### EXERCISE PROMPT
Only the lines below between the ones containing "Lemma weighted_span_Zrel (F" and "by exists y.", inclusive, are to be reproduced, each exactly as it stands.

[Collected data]
-*-

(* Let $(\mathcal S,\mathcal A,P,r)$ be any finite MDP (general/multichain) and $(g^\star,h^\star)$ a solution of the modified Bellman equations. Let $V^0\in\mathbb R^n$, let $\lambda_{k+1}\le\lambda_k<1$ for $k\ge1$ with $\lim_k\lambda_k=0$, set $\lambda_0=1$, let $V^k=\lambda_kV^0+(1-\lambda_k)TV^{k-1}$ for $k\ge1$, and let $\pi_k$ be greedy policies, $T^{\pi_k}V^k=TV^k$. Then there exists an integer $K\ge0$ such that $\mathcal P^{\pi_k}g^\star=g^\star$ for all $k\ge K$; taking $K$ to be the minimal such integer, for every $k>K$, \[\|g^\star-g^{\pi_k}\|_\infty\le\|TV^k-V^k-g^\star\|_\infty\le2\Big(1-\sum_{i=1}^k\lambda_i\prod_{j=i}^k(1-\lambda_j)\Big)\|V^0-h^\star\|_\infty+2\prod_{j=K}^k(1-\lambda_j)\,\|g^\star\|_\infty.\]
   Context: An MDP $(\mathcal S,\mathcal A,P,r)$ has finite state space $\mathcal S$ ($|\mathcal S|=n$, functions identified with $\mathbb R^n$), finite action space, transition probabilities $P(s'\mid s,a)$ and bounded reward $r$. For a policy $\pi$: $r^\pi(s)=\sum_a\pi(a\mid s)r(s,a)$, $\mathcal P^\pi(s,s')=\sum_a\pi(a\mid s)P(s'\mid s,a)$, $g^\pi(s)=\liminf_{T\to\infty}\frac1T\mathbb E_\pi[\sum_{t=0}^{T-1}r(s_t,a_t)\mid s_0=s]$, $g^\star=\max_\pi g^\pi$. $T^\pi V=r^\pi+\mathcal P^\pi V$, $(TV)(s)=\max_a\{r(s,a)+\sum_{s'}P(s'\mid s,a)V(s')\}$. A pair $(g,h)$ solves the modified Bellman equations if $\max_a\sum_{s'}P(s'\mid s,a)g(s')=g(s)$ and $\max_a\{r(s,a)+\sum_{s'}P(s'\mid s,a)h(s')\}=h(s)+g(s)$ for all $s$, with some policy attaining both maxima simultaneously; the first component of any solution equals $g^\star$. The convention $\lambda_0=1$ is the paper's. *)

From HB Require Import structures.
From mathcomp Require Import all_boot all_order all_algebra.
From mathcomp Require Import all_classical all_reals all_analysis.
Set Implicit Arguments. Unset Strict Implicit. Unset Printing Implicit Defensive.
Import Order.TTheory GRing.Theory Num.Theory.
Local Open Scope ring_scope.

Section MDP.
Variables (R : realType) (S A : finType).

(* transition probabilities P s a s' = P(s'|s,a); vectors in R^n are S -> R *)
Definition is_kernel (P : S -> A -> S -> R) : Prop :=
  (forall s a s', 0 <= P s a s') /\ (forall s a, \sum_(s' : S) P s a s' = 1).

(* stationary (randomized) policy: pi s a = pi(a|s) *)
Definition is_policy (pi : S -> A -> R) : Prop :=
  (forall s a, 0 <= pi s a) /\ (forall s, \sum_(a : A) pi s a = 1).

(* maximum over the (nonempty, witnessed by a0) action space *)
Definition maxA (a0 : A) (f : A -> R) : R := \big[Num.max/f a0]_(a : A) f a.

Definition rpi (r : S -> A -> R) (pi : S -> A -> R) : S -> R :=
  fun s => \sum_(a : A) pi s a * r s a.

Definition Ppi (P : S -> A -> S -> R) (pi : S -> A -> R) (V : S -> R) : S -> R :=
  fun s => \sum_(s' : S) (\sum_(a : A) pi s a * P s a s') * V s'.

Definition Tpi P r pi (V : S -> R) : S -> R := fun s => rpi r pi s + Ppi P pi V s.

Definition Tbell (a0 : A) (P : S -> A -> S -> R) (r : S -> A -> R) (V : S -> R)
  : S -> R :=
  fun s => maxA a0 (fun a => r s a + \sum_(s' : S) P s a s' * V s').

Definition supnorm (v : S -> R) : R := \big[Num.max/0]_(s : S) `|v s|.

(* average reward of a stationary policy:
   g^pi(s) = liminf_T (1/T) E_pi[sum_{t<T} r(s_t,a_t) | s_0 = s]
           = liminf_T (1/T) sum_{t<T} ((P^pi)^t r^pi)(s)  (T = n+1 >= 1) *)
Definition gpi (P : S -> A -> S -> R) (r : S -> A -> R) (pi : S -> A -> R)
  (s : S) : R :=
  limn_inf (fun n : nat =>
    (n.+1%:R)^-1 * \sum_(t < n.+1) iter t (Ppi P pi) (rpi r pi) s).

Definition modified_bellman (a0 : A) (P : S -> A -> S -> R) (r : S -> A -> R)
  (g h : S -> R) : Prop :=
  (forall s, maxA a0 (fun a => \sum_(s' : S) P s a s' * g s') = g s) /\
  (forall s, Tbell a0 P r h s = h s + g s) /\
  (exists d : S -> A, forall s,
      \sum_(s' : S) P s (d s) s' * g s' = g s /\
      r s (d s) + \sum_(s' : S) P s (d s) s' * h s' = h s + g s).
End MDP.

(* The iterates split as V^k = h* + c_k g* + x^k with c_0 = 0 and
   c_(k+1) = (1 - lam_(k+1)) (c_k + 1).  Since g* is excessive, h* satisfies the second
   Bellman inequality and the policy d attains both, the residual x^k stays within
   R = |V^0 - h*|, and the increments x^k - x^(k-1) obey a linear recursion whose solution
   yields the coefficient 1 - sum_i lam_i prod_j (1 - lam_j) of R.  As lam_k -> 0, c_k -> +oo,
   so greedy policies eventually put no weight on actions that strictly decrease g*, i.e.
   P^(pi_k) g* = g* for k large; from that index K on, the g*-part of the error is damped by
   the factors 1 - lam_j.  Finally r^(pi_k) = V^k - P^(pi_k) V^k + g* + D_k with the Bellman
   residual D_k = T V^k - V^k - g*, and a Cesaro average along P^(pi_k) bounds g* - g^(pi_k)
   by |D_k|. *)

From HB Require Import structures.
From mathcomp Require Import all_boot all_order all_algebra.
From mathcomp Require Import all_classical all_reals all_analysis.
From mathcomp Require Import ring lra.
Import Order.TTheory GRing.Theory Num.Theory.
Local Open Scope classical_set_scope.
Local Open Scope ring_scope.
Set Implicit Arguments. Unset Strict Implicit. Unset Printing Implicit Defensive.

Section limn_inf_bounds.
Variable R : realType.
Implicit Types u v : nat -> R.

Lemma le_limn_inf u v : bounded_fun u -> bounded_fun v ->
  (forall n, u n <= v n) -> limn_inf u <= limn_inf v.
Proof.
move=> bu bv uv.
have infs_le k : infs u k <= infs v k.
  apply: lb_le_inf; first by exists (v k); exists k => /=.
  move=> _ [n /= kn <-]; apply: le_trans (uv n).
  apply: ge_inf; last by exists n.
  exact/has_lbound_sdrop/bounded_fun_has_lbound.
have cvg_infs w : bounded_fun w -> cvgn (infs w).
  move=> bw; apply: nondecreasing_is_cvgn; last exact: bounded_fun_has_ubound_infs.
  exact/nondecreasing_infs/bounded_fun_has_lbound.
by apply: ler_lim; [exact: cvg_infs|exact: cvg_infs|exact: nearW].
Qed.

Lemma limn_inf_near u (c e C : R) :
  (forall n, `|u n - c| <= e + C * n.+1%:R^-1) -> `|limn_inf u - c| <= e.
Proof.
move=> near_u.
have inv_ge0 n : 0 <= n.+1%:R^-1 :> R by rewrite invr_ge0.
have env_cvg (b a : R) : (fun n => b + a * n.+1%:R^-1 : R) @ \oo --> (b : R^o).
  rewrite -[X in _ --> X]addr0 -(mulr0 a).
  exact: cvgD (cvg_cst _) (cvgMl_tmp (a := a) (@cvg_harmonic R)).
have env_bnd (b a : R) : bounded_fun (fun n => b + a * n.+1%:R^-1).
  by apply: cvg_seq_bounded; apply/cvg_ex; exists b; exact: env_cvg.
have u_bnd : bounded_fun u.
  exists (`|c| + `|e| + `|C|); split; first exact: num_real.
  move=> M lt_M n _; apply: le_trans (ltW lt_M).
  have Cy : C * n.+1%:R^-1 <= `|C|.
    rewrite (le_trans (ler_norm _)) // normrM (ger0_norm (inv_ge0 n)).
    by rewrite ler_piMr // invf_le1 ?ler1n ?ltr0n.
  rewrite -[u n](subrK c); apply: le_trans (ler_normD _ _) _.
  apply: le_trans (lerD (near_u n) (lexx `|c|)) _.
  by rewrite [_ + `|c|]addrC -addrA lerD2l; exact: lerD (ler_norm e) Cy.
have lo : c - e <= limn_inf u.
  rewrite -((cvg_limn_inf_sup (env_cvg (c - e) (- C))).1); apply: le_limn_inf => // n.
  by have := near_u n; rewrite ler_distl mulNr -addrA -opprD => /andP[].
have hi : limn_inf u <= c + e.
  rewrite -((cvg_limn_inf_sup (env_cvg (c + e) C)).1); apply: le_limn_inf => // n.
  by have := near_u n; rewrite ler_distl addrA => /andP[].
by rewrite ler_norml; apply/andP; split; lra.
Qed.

-*-

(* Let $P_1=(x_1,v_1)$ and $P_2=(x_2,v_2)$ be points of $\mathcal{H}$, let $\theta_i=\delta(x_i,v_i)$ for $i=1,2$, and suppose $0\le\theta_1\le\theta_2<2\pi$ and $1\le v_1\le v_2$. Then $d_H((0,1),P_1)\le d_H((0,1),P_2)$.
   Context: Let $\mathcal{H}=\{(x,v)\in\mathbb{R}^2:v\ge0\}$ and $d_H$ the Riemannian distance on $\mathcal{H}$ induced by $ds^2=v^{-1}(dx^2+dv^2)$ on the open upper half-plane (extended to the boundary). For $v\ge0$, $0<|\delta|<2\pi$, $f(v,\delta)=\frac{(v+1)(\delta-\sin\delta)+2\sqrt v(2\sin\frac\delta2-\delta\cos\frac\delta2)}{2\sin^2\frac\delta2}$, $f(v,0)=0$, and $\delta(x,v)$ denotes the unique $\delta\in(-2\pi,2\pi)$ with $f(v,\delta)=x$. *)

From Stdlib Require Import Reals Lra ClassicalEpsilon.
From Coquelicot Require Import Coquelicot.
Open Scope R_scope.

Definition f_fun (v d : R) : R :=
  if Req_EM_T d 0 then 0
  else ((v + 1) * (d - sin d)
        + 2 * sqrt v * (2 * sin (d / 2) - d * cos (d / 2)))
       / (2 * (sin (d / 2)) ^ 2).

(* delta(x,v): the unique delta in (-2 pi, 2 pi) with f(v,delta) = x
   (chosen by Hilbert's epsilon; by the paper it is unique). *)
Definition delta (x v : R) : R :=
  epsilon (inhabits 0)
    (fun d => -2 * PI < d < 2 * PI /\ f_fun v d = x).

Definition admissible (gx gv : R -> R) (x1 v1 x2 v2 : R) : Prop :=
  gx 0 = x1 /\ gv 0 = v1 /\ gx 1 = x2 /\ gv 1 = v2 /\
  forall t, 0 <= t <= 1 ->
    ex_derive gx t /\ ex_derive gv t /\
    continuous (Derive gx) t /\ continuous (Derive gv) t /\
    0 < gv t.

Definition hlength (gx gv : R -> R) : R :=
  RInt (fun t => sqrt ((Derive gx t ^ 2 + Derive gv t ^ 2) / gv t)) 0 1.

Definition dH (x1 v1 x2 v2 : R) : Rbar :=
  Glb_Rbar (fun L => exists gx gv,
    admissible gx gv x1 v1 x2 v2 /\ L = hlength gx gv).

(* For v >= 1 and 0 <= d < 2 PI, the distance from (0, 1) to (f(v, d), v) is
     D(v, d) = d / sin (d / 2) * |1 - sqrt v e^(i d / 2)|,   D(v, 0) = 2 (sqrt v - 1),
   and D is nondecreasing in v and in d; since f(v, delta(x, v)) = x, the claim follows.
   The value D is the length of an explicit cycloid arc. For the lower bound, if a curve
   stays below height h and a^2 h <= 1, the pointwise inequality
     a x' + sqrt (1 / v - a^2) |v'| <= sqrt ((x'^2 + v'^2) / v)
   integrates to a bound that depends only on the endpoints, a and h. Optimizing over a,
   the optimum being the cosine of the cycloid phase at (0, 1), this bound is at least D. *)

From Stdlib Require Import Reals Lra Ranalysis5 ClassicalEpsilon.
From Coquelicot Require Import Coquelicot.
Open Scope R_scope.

-*-

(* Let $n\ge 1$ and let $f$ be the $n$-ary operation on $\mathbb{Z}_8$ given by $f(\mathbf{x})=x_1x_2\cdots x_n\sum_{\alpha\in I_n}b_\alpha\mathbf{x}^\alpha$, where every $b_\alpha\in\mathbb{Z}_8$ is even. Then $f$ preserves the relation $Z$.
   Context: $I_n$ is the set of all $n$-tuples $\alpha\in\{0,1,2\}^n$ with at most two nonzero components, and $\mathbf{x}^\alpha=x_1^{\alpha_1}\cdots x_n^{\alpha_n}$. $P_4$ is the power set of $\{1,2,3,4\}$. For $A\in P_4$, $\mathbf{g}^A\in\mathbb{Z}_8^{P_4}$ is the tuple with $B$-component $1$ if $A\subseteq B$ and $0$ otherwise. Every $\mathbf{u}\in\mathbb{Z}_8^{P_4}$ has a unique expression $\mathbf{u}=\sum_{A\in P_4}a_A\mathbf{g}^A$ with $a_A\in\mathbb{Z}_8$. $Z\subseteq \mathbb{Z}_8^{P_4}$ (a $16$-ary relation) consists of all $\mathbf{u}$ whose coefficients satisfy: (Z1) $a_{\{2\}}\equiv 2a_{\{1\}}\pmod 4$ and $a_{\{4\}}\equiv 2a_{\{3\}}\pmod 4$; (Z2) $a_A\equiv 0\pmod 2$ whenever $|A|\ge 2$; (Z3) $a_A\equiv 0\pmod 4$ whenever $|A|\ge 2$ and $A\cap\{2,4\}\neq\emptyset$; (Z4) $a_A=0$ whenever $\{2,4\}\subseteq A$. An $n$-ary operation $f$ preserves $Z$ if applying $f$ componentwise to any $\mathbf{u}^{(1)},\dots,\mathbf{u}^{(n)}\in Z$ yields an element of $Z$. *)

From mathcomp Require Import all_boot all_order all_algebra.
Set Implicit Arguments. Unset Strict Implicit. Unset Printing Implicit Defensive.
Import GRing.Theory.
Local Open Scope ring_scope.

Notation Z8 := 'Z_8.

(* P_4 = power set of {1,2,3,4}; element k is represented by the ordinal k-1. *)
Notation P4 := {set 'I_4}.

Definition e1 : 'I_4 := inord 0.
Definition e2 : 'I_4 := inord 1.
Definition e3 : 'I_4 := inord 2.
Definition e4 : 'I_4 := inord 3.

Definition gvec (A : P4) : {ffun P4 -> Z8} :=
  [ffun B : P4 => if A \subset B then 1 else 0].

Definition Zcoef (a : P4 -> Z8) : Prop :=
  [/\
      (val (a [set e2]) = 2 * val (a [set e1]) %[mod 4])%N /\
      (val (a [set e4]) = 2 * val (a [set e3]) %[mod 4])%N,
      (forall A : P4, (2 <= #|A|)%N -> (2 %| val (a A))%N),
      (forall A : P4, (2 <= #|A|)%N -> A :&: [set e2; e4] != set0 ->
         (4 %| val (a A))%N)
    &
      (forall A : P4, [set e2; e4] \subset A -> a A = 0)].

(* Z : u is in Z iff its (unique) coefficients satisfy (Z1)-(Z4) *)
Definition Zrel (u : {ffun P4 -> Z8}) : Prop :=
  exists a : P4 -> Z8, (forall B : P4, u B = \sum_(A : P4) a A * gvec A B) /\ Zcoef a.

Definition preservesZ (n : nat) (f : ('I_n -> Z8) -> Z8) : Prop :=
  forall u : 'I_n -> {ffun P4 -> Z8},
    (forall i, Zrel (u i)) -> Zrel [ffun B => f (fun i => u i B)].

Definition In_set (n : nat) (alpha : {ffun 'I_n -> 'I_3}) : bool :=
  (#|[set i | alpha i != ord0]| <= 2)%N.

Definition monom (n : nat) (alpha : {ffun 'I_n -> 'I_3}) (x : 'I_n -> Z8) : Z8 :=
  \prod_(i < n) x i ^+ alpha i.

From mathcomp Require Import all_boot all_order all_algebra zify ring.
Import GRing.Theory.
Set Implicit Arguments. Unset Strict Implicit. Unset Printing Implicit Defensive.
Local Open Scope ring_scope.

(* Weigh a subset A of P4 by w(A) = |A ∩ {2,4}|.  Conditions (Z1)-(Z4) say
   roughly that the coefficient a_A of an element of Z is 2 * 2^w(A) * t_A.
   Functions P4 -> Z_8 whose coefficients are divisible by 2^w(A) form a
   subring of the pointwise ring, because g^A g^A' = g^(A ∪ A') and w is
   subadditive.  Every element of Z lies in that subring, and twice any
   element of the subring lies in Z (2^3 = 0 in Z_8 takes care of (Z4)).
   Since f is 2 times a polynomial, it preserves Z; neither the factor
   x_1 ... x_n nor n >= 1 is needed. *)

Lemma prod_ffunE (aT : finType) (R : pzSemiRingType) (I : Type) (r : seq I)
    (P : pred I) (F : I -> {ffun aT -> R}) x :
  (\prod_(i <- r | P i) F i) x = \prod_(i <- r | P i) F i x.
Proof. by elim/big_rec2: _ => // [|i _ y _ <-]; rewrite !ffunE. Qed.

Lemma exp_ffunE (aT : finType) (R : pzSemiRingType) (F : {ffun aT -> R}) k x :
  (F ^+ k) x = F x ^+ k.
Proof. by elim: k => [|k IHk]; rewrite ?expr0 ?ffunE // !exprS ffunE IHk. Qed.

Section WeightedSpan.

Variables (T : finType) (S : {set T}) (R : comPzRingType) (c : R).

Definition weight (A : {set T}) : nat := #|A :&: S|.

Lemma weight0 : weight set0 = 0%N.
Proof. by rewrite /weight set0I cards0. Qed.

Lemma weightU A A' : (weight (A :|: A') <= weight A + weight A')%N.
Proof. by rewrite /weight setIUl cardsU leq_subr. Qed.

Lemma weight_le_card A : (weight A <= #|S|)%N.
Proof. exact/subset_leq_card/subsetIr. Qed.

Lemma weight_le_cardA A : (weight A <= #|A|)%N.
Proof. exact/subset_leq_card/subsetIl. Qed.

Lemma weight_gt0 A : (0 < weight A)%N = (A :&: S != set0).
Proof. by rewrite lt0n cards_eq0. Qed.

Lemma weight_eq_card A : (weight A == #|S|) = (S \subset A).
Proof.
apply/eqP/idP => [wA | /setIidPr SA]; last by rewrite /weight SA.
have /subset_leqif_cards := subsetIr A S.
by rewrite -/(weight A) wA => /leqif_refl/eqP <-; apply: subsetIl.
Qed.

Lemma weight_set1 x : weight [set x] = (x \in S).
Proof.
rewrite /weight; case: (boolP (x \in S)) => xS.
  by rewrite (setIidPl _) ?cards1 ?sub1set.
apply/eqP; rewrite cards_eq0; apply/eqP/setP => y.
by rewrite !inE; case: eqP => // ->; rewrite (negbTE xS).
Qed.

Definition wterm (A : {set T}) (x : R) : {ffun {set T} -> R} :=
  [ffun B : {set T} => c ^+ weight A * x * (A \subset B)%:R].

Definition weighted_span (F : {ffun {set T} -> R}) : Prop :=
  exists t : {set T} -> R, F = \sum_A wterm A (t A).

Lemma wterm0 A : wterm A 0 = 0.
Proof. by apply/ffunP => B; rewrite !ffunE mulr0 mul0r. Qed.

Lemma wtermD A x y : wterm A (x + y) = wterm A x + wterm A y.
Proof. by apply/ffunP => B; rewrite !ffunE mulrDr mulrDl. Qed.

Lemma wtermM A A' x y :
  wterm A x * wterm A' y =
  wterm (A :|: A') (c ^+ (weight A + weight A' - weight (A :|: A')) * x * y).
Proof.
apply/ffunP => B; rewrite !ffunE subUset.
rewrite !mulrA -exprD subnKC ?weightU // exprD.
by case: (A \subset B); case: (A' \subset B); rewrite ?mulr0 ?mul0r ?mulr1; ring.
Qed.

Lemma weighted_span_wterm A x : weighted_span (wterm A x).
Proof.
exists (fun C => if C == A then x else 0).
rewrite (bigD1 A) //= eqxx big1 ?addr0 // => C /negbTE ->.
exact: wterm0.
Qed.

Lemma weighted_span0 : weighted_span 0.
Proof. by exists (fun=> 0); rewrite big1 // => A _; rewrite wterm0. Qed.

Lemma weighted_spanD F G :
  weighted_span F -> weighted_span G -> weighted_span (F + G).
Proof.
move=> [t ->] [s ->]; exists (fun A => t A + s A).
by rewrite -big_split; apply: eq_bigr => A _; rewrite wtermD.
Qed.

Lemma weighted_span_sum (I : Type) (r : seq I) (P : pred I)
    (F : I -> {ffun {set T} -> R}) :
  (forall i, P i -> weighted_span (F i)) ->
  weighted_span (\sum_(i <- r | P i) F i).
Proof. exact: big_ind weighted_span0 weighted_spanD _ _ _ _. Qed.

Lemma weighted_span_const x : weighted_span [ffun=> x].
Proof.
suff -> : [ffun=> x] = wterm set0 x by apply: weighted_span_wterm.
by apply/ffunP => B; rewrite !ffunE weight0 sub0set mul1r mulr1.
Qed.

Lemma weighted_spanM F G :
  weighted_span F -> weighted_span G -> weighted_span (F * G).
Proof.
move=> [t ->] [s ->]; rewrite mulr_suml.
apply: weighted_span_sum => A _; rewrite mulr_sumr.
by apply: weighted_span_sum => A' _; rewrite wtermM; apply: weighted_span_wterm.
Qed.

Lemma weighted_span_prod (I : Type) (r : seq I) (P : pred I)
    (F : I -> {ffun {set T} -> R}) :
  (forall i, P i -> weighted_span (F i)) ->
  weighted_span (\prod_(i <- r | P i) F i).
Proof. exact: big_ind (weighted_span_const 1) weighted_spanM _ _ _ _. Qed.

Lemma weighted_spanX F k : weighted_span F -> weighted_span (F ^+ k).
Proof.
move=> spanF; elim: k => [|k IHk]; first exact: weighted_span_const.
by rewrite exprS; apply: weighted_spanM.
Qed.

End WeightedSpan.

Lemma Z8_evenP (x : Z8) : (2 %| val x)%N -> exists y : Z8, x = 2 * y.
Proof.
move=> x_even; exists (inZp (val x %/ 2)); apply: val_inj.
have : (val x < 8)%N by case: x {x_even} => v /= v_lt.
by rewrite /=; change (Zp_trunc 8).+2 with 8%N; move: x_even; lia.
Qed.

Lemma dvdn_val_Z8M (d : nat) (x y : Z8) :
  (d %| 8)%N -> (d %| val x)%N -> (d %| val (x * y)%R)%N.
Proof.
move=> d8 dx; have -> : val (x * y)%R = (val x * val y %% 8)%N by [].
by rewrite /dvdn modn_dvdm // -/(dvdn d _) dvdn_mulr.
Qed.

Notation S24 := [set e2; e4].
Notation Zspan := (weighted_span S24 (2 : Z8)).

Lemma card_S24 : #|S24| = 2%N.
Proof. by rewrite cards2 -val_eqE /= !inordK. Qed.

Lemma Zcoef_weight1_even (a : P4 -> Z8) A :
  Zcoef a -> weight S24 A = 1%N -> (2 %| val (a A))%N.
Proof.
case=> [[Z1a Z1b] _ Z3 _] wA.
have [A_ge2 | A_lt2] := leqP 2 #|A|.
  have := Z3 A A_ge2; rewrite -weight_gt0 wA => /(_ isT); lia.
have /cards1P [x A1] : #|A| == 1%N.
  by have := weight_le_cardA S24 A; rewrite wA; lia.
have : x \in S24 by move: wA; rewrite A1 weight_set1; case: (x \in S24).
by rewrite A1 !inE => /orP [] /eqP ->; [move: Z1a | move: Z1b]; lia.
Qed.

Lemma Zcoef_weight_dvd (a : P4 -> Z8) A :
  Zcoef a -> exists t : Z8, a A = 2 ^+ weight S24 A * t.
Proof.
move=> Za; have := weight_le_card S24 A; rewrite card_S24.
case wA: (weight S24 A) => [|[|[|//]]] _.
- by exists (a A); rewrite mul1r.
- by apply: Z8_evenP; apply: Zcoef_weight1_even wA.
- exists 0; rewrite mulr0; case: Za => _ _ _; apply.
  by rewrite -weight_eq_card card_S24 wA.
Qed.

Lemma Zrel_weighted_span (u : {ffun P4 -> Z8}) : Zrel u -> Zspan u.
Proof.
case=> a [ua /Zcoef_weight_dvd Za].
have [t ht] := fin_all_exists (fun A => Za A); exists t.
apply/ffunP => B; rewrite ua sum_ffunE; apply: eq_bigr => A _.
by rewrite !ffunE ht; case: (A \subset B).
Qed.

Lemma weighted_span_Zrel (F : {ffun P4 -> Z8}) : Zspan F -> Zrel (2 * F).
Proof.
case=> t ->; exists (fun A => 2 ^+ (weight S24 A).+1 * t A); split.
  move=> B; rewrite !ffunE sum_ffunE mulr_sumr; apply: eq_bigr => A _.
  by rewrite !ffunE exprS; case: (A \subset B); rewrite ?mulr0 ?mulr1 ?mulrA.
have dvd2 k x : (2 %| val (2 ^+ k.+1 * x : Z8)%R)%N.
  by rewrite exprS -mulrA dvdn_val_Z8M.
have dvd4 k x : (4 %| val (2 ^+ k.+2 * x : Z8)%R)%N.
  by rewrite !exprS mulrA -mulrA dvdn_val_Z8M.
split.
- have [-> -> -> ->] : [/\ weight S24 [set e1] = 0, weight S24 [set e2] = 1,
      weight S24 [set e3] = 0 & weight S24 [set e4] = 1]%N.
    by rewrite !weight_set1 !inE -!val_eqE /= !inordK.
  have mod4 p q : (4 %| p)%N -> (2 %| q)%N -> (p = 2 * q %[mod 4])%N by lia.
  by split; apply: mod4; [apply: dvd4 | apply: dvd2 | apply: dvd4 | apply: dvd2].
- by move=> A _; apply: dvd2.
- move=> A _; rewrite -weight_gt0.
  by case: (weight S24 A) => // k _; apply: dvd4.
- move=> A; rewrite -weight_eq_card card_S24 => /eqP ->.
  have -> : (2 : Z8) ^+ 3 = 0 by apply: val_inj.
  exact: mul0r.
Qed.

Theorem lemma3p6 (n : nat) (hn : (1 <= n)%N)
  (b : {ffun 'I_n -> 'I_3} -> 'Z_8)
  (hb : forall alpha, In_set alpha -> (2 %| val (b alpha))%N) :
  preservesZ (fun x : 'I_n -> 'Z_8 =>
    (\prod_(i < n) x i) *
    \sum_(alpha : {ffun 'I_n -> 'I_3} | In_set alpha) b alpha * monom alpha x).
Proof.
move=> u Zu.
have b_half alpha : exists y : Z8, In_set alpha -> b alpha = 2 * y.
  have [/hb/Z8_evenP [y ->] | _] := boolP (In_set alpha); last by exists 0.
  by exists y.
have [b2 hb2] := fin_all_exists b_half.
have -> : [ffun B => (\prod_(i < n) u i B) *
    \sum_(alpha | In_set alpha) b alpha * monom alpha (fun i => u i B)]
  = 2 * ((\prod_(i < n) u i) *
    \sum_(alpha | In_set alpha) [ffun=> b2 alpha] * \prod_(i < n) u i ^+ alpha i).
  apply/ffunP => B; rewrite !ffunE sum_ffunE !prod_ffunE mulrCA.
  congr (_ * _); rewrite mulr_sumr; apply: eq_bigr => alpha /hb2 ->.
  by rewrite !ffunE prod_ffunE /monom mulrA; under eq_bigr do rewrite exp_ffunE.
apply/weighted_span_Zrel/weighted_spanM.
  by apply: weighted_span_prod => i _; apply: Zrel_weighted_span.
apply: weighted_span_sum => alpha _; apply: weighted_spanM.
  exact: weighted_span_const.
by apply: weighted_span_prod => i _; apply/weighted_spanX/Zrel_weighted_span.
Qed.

-*-

### ANSWER BOX
Lemma weighted_span_Zrel (F : {ffun P4 -> Z8}) : Zspan F -> Zrel (2 * F).
Proof.
case=> t ->; exists (fun A => 2 ^+ (weight S24 A).+1 * t A); split.
  move=> B; rewrite !ffunE sum_ffunE mulr_sumr; apply: eq_bigr => A _.
  by rewrite !ffunE exprS; case: (A \subset B); rewrite ?mulr0 ?mulr1 ?mulrA.
have dvd2 k x : (2 %| val (2 ^+ k.+1 * x : Z8)%R)%N.
  by rewrite exprS -mulrA dvdn_val_Z8M.
have dvd4 k x : (4 %| val (2 ^+ k.+2 * x : Z8)%R)%N.
  by rewrite !exprS mulrA -mulrA dvdn_val_Z8M.
split.
- have [-> -> -> ->] : [/\ weight S24 [set e1] = 0, weight S24 [set e2] = 1,
      weight S24 [set e3] = 0 & weight S24 [set e4] = 1]%N.
    by rewrite !weight_set1 !inE -!val_eqE /= !inordK.
  have mod4 p q : (4 %| p)%N -> (2 %| q)%N -> (p = 2 * q %[mod 4])%N by lia.
  by split; apply: mod4; [apply: dvd4 | apply: dvd2 | apply: dvd4 | apply: dvd2].
- by move=> A _; apply: dvd2.
- move=> A _; rewrite -weight_gt0.
  by case: (weight S24 A) => // k _; apply: dvd4.
- move=> A; rewrite -weight_eq_card card_S24 => /eqP ->.
  have -> : (2 : Z8) ^+ 3 = 0 by apply: val_inj.
  exact: mul0r.
Qed.

Theorem lemma3p6 (n : nat) (hn : (1 <= n)%N)
  (b : {ffun 'I_n -> 'I_3} -> 'Z_8)
  (hb : forall alpha, In_set alpha -> (2 %| val (b alpha))%N) :
  preservesZ (fun x : 'I_n -> 'Z_8 =>
    (\prod_(i < n) x i) *
    \sum_(alpha : {ffun 'I_n -> 'I_3} | In_set alpha) b alpha * monom alpha x).
Proof.
move=> u Zu.
have b_half alpha : exists y : Z8, In_set alpha -> b alpha = 2 * y.
  have [/hb/Z8_evenP [y ->] | _] := boolP (In_set alpha); last by exists 0.
  by exists y.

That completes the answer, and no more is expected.